We benchmarked Personio, Gusto, Remote, and Payfit. Then we gave ourselves a six-week window so we could ship something measurable before the quarter closed.

I mapped out how companies would go through the new signup, designed early sketches for the setup guide, the first steps checklist, and the settings redesign, then tested prototypes with both happy and unhappy customers to see if the flow made sense. The setup guide tested badly in version 1 and well in version 3.

What we built

Three pieces and one functional fix.

Setup guide. Walks the company through what they actually need: payroll rules, the changes they want tracked, and the connection to their payroll software. Everything else gets deferred to later.

First steps checklist. A persistent to-do list that suggests what to do after the setup: financial reports, employee updates, connections to other tools. A checklist, not a tutorial.

Settings redesign. The payroll settings page had become an endless unsearchable list. We reorganized it into a navigable page with clear groupings.

Bulk salary entry. This was the wall that blocked the signup. We built a simpler version that let companies assign a salary to multiple employees at once.

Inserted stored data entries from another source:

Definition is_topological_group (T : topologicalType)
  (mul : T -> T -> T) (inv : T -> T) (e : T) : Prop :=
  [/\ (forall x y z, mul x (mul y z) = mul (mul x y) z),
      (forall x, mul e x = x /\ mul x e = x),
      (forall x, mul (inv x) x = e /\ mul x (inv x) = e),
      continuous (fun p : T * T => mul p.1 p.2) &
      continuous inv].

Definition metrizable (T : topologicalType) : Prop :=
  exists d : T -> T -> R,
    [/\ (forall x y, (0 <= d x y)%R),
        (forall x y, d x y = 0%R <-> x = y),
        (forall x y, d x y = d y x),
        (forall x y z, (d x z <= d x y + d y z)%R) &
        (forall A : set T, open A <->
           (forall x, A x -> exists r : R, (0 < r)%R /\
               [set y | (d x y < r)%R] `<=` A))].

Section SigmaProduct.
Variables (J : Type) (G : J -> topologicalType).

Definition Prod := prod_topology G.

Definition rel_open (S A : set Prod) : Prop :=
  exists V : set Prod, open V /\ A = V `&` S.

Definition support (e : forall j, G j) (y : Prod) : set J :=
  [set j | y j <> e j].

Definition sigma_prod (e : forall j, G j) : set Prod :=
  [set y | countable (support e y)].

Definition GD (e : forall j, G j) (D : set J) : set Prod :=
  [set y | forall j, ~ D j -> y j = e j].

Definition colim_carrier (e : forall j, G j) : set Prod :=
  [set y | exists D : set J, countable D /\ GD e D y].

Definition colim_open (e : forall j, G j) (U : set Prod) : Prop :=
  U `<=` colim_carrier e /\
  forall D : set J, countable D -> rel_open (GD e D) (U `&` GD e D).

HR Manager: welcome screen to start the setup process and create a payroll policy
01 / 04HR Manager: welcome screen to start the setup process and create a payroll policy
HR Manager: first steps checklist after setting up the basics and creating a payroll policy
02 / 04HR Manager: first steps checklist after setting up the basics and creating a payroll policy
HR Manager: request help popup to connect with payroll consultants
03 / 04HR Manager: request help popup to connect with payroll consultants
HR Manager: redesigned settings page for faster configuration
04 / 04HR Manager: redesigned settings page for faster configuration

Impact

Companies signing up monthly went from 43 to 500 in four months. Same product, same sales approach, same payroll software.

Payroll changes processed monthly: from about 2,000 to 7,800.

Companies downloading payroll reports: from about 400 to 600.

The bigger thing is that the flow changed. Companies started finishing their first payroll run the same week they signed up.

Companies signing up monthly
01 / 03Companies signing up monthly
Updates successfully managed monthly
02 / 03Updates successfully managed monthly
Companies exporting payroll data monthly
03 / 03Companies exporting payroll data monthly

What I learned

Getting people started depends on how much progress they feel, not how much they actually did. The amount of data to enter is the same whether you ask for it on day one or week three. What changes is whether the company feels like the product is giving them something back.

Being part of the planning as a designer changes what you design. When you can decide what to build this week, you focus on the screens that actually move the numbers. The setup guide got smaller every week. That was the whole win.

On a complex product, the fastest fix is usually postponing something, not redesigning it.